While, Lashley's ideas about distribution are justified, it has been shown tat memory is not as evenly and uniformly distributed in the cortex as he thought.

Conclusions

The difference between the two extreme positions - the localizationism of Broca, Wernicke and Penfield vs the holism of Lashley - may very well stem from the methods used in their studies. After all, localizationists rationalised localization based on aphasia resulting from brain damage; while holists investigated maze running behaviour in mice.

The two extremes need to meet in the middle and find a converging position that more accurately reflects localization in the brain.
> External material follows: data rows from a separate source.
Lemma compact_image (X Y : Type) (tX : Topology X) (tY : Topology Y) (f : X -> Y) :
  compact tX -> continuous tX tY f -> (forall y, exists x, f x = y) -> compact tY.
Proof.
  intros hc hf hsurj F hF hcov.
  destruct (compact_indexed (fun (i : {U | F U}) x => proj1_sig i (f x)) hc) as [li hli].
  - intros [U hU]. exact (hf U (hF U hU)).
  - intros x. destruct (hcov (f x)) as [U [hU hu]]. exists (exist _ U hU). exact hu.
  - exists (map (@proj1_sig _ _) li). split.
    + intros U hU. apply in_map_iff in hU. destruct hU as [[V hV] [<- _]]. exact hV.
    + intros y. destruct (hsurj y) as [x <-]. destruct (hli x) as [[U hU] [hi hu]].
      exists U. split; auto. apply in_map_iff. exists (exist _ U hU). auto.
Qed.

Lemma minimal_orbit_meets (G : Group) (X : Flow G) (U : X -> Prop) :
  minimal_flow X -> is_open (ftop X) U -> (exists x, U x) ->
  forall x, exists g, U (fact X g x).
Proof.
  intros [_ hmin] hU [x0 hx0].
  destruct (hmin (fun x => forall g, ~ U (fact X g x))) as [h|h].
  - apply open_ext with (fun x => exists g, True /\ U (fact X g x)).
    + apply open_union_indexed. intros g _. exact (fact_cont X g U hU).
    + intros x; split.
      * intros [g [_ hg]] hc. exact (hc g hg).
      * intros hn. destruct (not_all_not_ex _ _ hn) as [g hg]. eauto.
  - intros g x hx g'. rewrite <- fact_mul. apply hx.
  - intros x. destruct (not_all_not_ex _ _ (h x)) as [g hg]. eauto.
  - exfalso. apply (h x0 gone). rewrite fact_one. exact hx0.
Qed.
(* Fix the uniform prior $P$ on $\{1,\dots,n\}^T$, a nonnegative utility function $u:\mathcal{Z}\times\mathcal{H}\to\mathbb{R}_+$, an amplitude $\lambda\ge0$ and a decay $\gamma\in(0,1)$. If Adaptive Sampling SGD is run for $T$ iterations, its posterior $Q$ satisfies $$D_{KL}(Q\|P)\le\frac{\lambda}{1-\gamma}\sum_{t=1}^{T-1}\mathbb{E}_{(i_1,\dots,i_t)\sim Q}\big[u(z_{i_t},h_t)\big].$$
   Context: Adaptive Sampling SGD: inputs are examples $(z_1,\dots,z_n)\in\mathcal{Z}^n$, an initial hypothesis $h_0\in\mathcal{H}$, update rules $G_t:\mathcal{H}\times\mathcal{Z}\to\mathcal{H}$, utility $u$, amplitude $\lambda$, decay $\gamma$. Initialize weights $w_1=\dots=w_n=1$. For $t=1,\dots,T$: draw $i_t$ with conditional probability $Q(i_t=i\mid i_1,\dots,i_{t-1})=w_i/\sum_{j=1}^nw_j$; set $h_t=G_t(h_{t-1},z_{i_t})$; update $w_{i_t}\leftarrow w_{i_t}^{\gamma}\exp(\lambda u(z_{i_t},h_t))$. Output $h_T$. The posterior $Q$ is the resulting distribution of $(i_1,\dots,i_T)$ on $\{1,\dots,n\}^T$ (so $h_t$ is a function of $(i_1,\dots,i_t)$); $D_{KL}(Q\|P)=\mathbb{E}_{Q}\ln(Q/P)$. *)

From Stdlib Require Import Reals List.
Import ListNotations.
Open Scope R_scope.

(* Indices of examples are 0..n-1 (the paper's 1..n, shifted).
   Iterations are numbered t = 1..T as in the paper. *)

Fixpoint rsum (n : nat) (f : nat -> R) : R :=
  match n with O => 0 | S m => rsum m f + f m end.

(* state of the algorithm: weights (w_j)_j and current hypothesis *)
Definition state (H : Type) : Type := ((nat -> R) * H)%type.

Definition step {Z H : Type} (G : nat -> H -> Z -> H) (z : nat -> Z)
  (u : Z -> H -> R) (lam gam : R) (t : nat) (st : state H) (i : nat) : state H :=
  let h := G t (snd st) (z i) in
  let w := fst st in
  ((fun j => if Nat.eqb j i then Rpower (w i) gam * exp (lam * u (z i) h) else w j), h).

Fixpoint run_from {Z H : Type} (G : nat -> H -> Z -> H) (z : nat -> Z)
  (u : Z -> H -> R) (lam gam : R) (t : nat) (st : state H) (s : list nat) : state H :=
  match s with
  | [] => st
  | i :: s' => run_from G z u lam gam (S t) (step G z u lam gam t st i) s'
  end.

Fixpoint qprob_from {Z H : Type} (n : nat) (G : nat -> H -> Z -> H) (z : nat -> Z)
  (u : Z -> H -> R) (lam gam : R) (t : nat) (st : state H) (s : list nat) : R :=
  match s with
  | [] => 1
  | i :: s' => (fst st i / rsum n (fst st)) *
               qprob_from n G z u lam gam (S t) (step G z u lam gam t st i) s'
  end.

Definition init_state {H : Type} (h0 : H) : state H := (fun _ => 1, h0).

Definition Q {Z H : Type} (n : nat) (G : nat -> H -> Z -> H) (z : nat -> Z)
  (u : Z -> H -> R) (lam gam : R) (h0 : H) (s : list nat) : R :=
  qprob_from n G z u lam gam 1 (init_state h0) s.

Definition hyp {Z H : Type} (G : nat -> H -> Z -> H) (z : nat -> Z)
  (u : Z -> H -> R) (lam gam : R) (h0 : H) (prefix : list nat) : H :=
  snd (run_from G z u lam gam 1 (init_state h0) prefix).

Fixpoint seqs (n T : nat) : list (list nat) :=
  match T with
  | O => [[]]
  | S T' => flat_map (fun i => map (cons i) (seqs n T')) (seq 0 n)
  end.

Definition expect (l : list (list nat)) (p : list nat -> R) (f : list nat -> R) : R :=
  fold_right Rplus 0 (map (fun s => p s * f s) l).

Definition uniform_prior (n T : nat) (s : list nat) : R := / (INR n ^ T).

Definition KL (n T : nat) (q p : list nat -> R) : R :=
  expect (seqs n T) q (fun s => ln (q s / p s)).

(* Give every index the log-weight ln w_j and track the potential
   Phi = sum_j ln w_j, which is 0 initially and stays nonnegative because all
   weights stay >= 1.  Since the total weight is at least n, drawing i has
   probability at most w_i / n, so each factor of n^T Q(s) is at most w_i.
   The update w_i <- w_i^gamma exp(lambda u) changes Phi by
   (gamma - 1) ln w_i + lambda u, so (1 - gamma) ln w_i is paid for by the
   decrease of Phi and the utility earned; telescoping over t < T and bounding
   the last factor by Phi gives ln (n^T Q(s)) <= lambda / (1 - gamma) times the
   sum of the first T - 1 utilities, pointwise in s.  Averaging under Q gives
   the KL bound. *)

From Pilot Require Import Defs.
From Stdlib Require Import Reals List Lra Lia.
Open Scope R_scope.

Lemma ln_le x y : 0 < x -> x <= y -> ln x <= ln y.
Proof. intros Hx [Hlt | ->]; [left; apply ln_increasing; assumption | lra]. Qed.

Lemma ln_nonneg x : 1 <= x -> 0 <= ln x.
Proof. intros Hx; rewrite <- ln_1; apply ln_le; lra. Qed.

Lemma one_le_exp x : 0 <= x -> 1 <= exp x.
Proof. intros Hx; pose proof (exp_ineq1_le x); lra. Qed.

Lemma one_le_Rpower x y : 1 <= x -> 0 <= y -> 1 <= Rpower x y.
Proof.
  intros Hx Hy; apply one_le_exp.
  apply Rmult_le_pos; [assumption | apply ln_nonneg; assumption].
Qed.

Lemma one_le_INR n : (0 < n)%nat -> 1 <= INR n.
Proof. intros Hn; apply (le_INR 1); lia. Qed.

Lemma rsum_ext m f g : (forall j, (j < m)%nat -> f j = g j) -> rsum m f = rsum m g.
Proof.
  induction m as [|m IH]; intros Hfg; simpl; [reflexivity|].
  rewrite IH, Hfg; [reflexivity | lia | intros j Hj; apply Hfg; lia].
Qed.

Lemma rsum_update m f i c : (i < m)%nat ->
  rsum m (fun j => if Nat.eqb j i then c else f j) = rsum m f - f i + c.
Proof.
  induction m as [|m IH]; intros Hi; simpl; [lia|].
  destruct (Nat.eq_dec i m) as [-> | Hne].
  - rewrite Nat.eqb_refl, (rsum_ext m _ f); [lra|].
    intros j Hj; destruct (Nat.eqb_spec j m); [lia | reflexivity].
  - rewrite IH by lia; destruct (Nat.eqb_spec m i); [lia | lra].
Qed.

Lemma rsum_nonneg m f : (forall j, 0 <= f j) -> 0 <= rsum m f.
Proof. intros Hf; induction m; simpl; [lra | pose proof (Hf m); lra]. Qed.

Lemma INR_le_rsum m f : (forall j, 1 <= f j) -> INR m <= rsum m f.
Proof.
  intros Hf; induction m; simpl rsum; [simpl; lra|].
  rewrite S_INR; pose proof (Hf m); lra.
Qed.

Lemma rsum_term_le m f i : (forall j, 0 <= f j) -> (i < m)%nat -> f i <= rsum m f.
Proof.
  intros Hf; induction m as [|m IH]; intros Hi; simpl; [lia|].
  destruct (Nat.eq_dec i m) as [-> | Hne].
  - pose proof (rsum_nonneg m f Hf); lra.
  - pose proof (IH ltac:(lia)); pose proof (Hf m); lra.
Qed.

(* With all weights >= 1 the total weight is >= n, hence n w_i / W <= w_i. *)
Lemma ln_scaled_draw_prob_le (n : nat) (w : nat -> R) (i : nat) :
  (forall j, 1 <= w j) -> (i < n)%nat ->
  ln (INR n * w i / rsum n w) <= ln (w i).
Proof.
  intros Hw Hi.
  pose proof (INR_le_rsum n w Hw) as HW; pose proof (one_le_INR n ltac:(lia)) as Hn.
  pose proof (Hw i).
  apply ln_le; [apply Rdiv_lt_0_compat; nra|].
  apply (Rmult_le_reg_r (rsum n w)); [lra|].
  unfold Rdiv; rewrite Rmult_assoc, Rinv_l by lra; nra.
Qed.

Lemma expect_le l p f g : (forall s, In s l -> p s * f s <= p s * g s) ->
  expect l p f <= expect l p g.
Proof.
  unfold expect; induction l as [|a l IH]; intros Hfg; simpl; [lra|].
  pose proof (Hfg a (or_introl eq_refl)).
  pose proof (IH (fun s Hs => Hfg s (or_intror Hs))); lra.
Qed.

Lemma expect_scal l p c f : expect l p (fun s => c * f s) = c * expect l p f.
Proof. unfold expect; induction l as [|a l IH]; simpl; [lra | rewrite IH; ring]. Qed.

Lemma expect_fold_right_plus {A : Type} l p (F : A -> list nat -> R) (L : list A) :
  expect l p (fun s => fold_right Rplus 0 (map (fun t => F t s) L))
  = fold_right Rplus 0 (map (fun t => expect l p (F t)) L).
Proof.
  unfold expect; induction L as [|a L IH]; simpl.
  - induction l as [|b l IHl]; simpl; [lra | rewrite IHl; ring].
  - rewrite <- IH; clear IH; induction l as [|b l IHl]; simpl; [lra | rewrite IHl; ring].
Qed.

Lemma in_seqs n T s : In s (seqs n T) -> length s = T /\ Forall (fun i => (i < n)%nat) s.
Proof.
  revert s; induction T as [|T IH]; intros s Hs; simpl in Hs.
  - destruct Hs as [<- | []]; split; [reflexivity | constructor].
  - apply in_flat_map in Hs as [i [Hi Hm]]; apply in_map_iff in Hm as [s' [<- Hs']].
    apply in_seq in Hi; destruct (IH s' Hs') as [Hl Hf].
    split; [simpl; congruence | constructor; [lia | exact Hf]].
Qed.

Section Potential.
Variables (Z H : Type) (n : nat) (z : nat -> Z) (G : nat -> H -> Z -> H)
  (u : Z -> H -> R) (lam gam : R).
Hypotheses (hu : forall (x : Z) (h : H), 0 <= u x h)
  (hlam : 0 <= lam) (hgam0 : 0 <= gam) (hgam1 : gam < 1).

Local Notation step := (Defs.step G z u lam gam).
Local Notation qprob := (qprob_from n G z u lam gam).

Definition weights_ge1 (st : state H) := forall j, 1 <= fst st j.

Definition log_potential (st : state H) := rsum n (fun j => ln (fst st j)).

(* Utilities earned along s, omitting the last iteration: the paper's sum
   over t = 1 .. T - 1. *)
Fixpoint sum_util_but_last (t : nat) (st : state H) (s : list nat) : R :=
  match s with
  | i :: (_ :: _) as s' =>
      u (z i) (snd (step t st i)) + sum_util_but_last (S t) (step t st i) s'
  | _ => 0
  end.

Lemma log_potential_nonneg st : weights_ge1 st -> 0 <= log_potential st.
Proof. intros Hw; apply rsum_nonneg; intros j; apply ln_nonneg, Hw. Qed.

Lemma step_weights_ge1 t st i : weights_ge1 st -> weights_ge1 (step t st i).
Proof.
  intros Hw j; unfold Defs.step; simpl.
  destruct (Nat.eqb j i); [|apply Hw].
  pose proof (one_le_Rpower (fst st i) gam (Hw i) hgam0).
  assert (1 <= exp (lam * u (z i) (G t (snd st) (z i)))).
  { apply one_le_exp, Rmult_le_pos; [exact hlam | apply hu]. }
  nra.
Qed.

Lemma log_potential_step t st i : weights_ge1 st -> (i < n)%nat ->
  log_potential (step t st i)
  = log_potential st + (gam - 1) * ln (fst st i) + lam * u (z i) (snd (step t st i)).
Proof.
  intros Hw Hi; unfold log_potential, Defs.step; simpl.
  set (h := G t (snd st) (z i)).
  rewrite (rsum_ext n _ (fun j => if Nat.eqb j i
             then ln (Rpower (fst st i) gam * exp (lam * u (z i) h))
             else ln (fst st j))) by (intros j _; destruct (Nat.eqb j i); reflexivity).
  rewrite rsum_update by exact Hi.
  pose proof (Hw i).
  rewrite ln_mult by (unfold Rpower; apply exp_pos).
  rewrite ln_Rpower, ln_exp; ring.
Qed.

Lemma qprob_pos t st s : weights_ge1 st -> Forall (fun i => (i < n)%nat) s ->
  0 < qprob t st s.
Proof.
  revert t st; induction s as [|i s IH]; intros t st Hw Hs; simpl; [lra|].
  inversion Hs as [|? ? Hi Hs']; subst.
  pose proof (INR_le_rsum n (fst st) Hw); pose proof (one_le_INR n ltac:(lia)).
  pose proof (Hw i).
  apply Rmult_lt_0_compat; [apply Rdiv_lt_0_compat; lra|].
  apply IH; [apply step_weights_ge1 | ]; assumption.
Qed.

Lemma ln_scaled_qprob_cons t st i s : weights_ge1 st -> (i < n)%nat ->
  Forall (fun i => (i < n)%nat) s ->
  ln (INR n ^ length (i :: s) * qprob t st (i :: s))
  = ln (INR n * fst st i / rsum n (fst st))
    + ln (INR n ^ length s * qprob (S t) (step t st i) s).
Proof.
  intros Hw Hi Hs.
  pose proof (INR_le_rsum n (fst st) Hw); pose proof (one_le_INR n ltac:(lia)).
  pose proof (Hw i).
  pose proof (qprob_pos (S t) (step t st i) s (step_weights_ge1 t st i Hw) Hs).
  pose proof (pow_lt (INR n) (length s) ltac:(lra)).
  rewrite <- ln_mult; [| apply Rdiv_lt_0_compat; nra | nra].
  f_equal; simpl; field; lra.
Qed.

Lemma ln_scaled_qprob_le t st s : weights_ge1 st ->
  Forall (fun i => (i < n)%nat) s ->
  ln (INR n ^ length s * qprob t st s)
  <= (lam * sum_util_but_last t st s + log_potential st) / (1 - gam).
Proof.
  revert t st; induction s as [|i s IH]; intros t st Hw Hs.
  { simpl; rewrite Rmult_1_l, ln_1.
    pose proof (log_potential_nonneg st Hw).
    apply Rmult_le_pos; [lra | left; apply Rinv_0_lt_compat; lra]. }
  inversion Hs as [|? ? Hi Hs']; subst.
  rewrite ln_scaled_qprob_cons by assumption.
  pose proof (ln_scaled_draw_prob_le n (fst st) i Hw Hi) as Hdraw.
  assert (Hwi : ln (fst st i) <= log_potential st).
  { apply (rsum_term_le n (fun j => ln (fst st j))); [|exact Hi].
    intros j; apply ln_nonneg, Hw. }
  pose proof (ln_nonneg _ (Hw i)).
  destruct s as [|k s'].
  - (* the last draw is paid for by the potential alone *)
    simpl; rewrite Rmult_1_l, ln_1.
    assert (1 <= / (1 - gam)) by (rewrite <- Rinv_1; apply Rinv_le_contravar; lra).
    unfold Rdiv; nra.
  - pose proof (IH (S t) (step t st i) (step_weights_ge1 t st i Hw) Hs') as IH'.
    rewrite (log_potential_step t st i Hw Hi) in IH'.
    change (sum_util_but_last t st (i :: k :: s'))
      with (u (z i) (snd (step t st i)) + sum_util_but_last (S t) (step t st i) (k :: s')).
    set (a := ln (fst st i)) in *.
    set (b := u (z i) (snd (step t st i))) in *.
    set (B := sum_util_but_last (S t) (step t st i) (k :: s')) in *.
    assert (a + (lam * B + (log_potential st + (gam - 1) * a + lam * b)) / (1 - gam)
            = (lam * (b + B) + log_potential st) / (1 - gam)) by (field; lra).
    lra.
Qed.

Lemma sum_util_but_last_eq t st s :
  sum_util_but_last t st s
  = fold_right Rplus 0 (map (fun k =>
      u (z (nth (k - 1) s 0%nat)) (snd (run_from G z u lam gam t st (firstn k s))))
      (seq 1 (length s - 1))).
Proof.
  revert t st; induction s as [|i s IH]; intros t st; [reflexivity|].
  destruct s as [|k s']; [reflexivity|].
  change (sum_util_but_last t st (i :: k :: s'))
    with (u (z i) (snd (step t st i)) + sum_util_but_last (S t) (step t st i) (k :: s')).
  rewrite IH; cbn [length].
  replace (S (S (length s')) - 1)%nat with (S (length s')) by lia.
  replace (S (length s') - 1)%nat with (length s') by lia.
  cbn [seq]; rewrite <- (seq_shift (length s') 1); cbn [map fold_right]; rewrite map_map.
  f_equal; f_equal; apply map_ext_in; intros [|m] Hm; [apply in_seq in Hm; lia|].
  simpl; rewrite Nat.sub_0_r; reflexivity.
Qed.

End Potential.

Theorem theorem5 (Z H : Type) (n T : nat) (z : nat -> Z) (h0 : H)
  (G : nat -> H -> Z -> H) (u : Z -> H -> R) (lam gam : R)
  (hu : forall (x : Z) (h : H), 0 <= u x h)
  (hlam : 0 <= lam) (hgam0 : 0 < gam) (hgam1 : gam < 1) :
  KL n T (Q n G z u lam gam h0) (uniform_prior n T)
  <= lam / (1 - gam) *
     fold_right Rplus 0
       (map (fun t =>
          expect (seqs n T) (Q n G z u lam gam h0)
            (fun s => u (z (nth (t - 1) s 0%nat))
                        (hyp G z u lam gam h0 (firstn t s))))
        (seq 1 (T - 1))).
Proof.
  rewrite <- expect_fold_right_plus, <- expect_scal; unfold KL.
  apply expect_le; intros s Hs; apply in_seqs in Hs as [<- Hs].
  assert (Hinit : weights_ge1 H (init_state h0)) by (intros j; simpl; lra).
  pose proof (Rlt_le _ _ hgam0) as hgam0'.
  pose proof (qprob_pos Z H n z G u lam gam hu hlam hgam0' 1 (init_state h0) s
                Hinit Hs) as Hq.
  pose proof (ln_scaled_qprob_le Z H n z G u lam gam hu hlam hgam0' hgam1 1 (init_state h0) s
                Hinit Hs) as Hbound.
  assert (Hphi0 : log_potential H n (init_state h0) = 0).
  { unfold log_potential; simpl; rewrite ln_1; clear; induction n; simpl; lra. }
  rewrite Hphi0, sum_util_but_last_eq in Hbound.
  unfold Q, uniform_prior, hyp, Rdiv at 1; rewrite Rinv_inv, (Rmult_comm _ (INR n ^ length s)).
  apply Rmult_le_compat_l; lra.
Qed.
At the moment, neuroscience supports relative localization, which essentially mans that localization exists for some functions under some conditions, however, it also clearly outlines limits of localization.

All in all, localization is a very interesting concept within the realm of neuroscience and ought to be discussed more often. It is of utmost importance to to explore the limits of localization in the brain, and discover more about how our functions and behaviours can be influenced by structural/biological changes.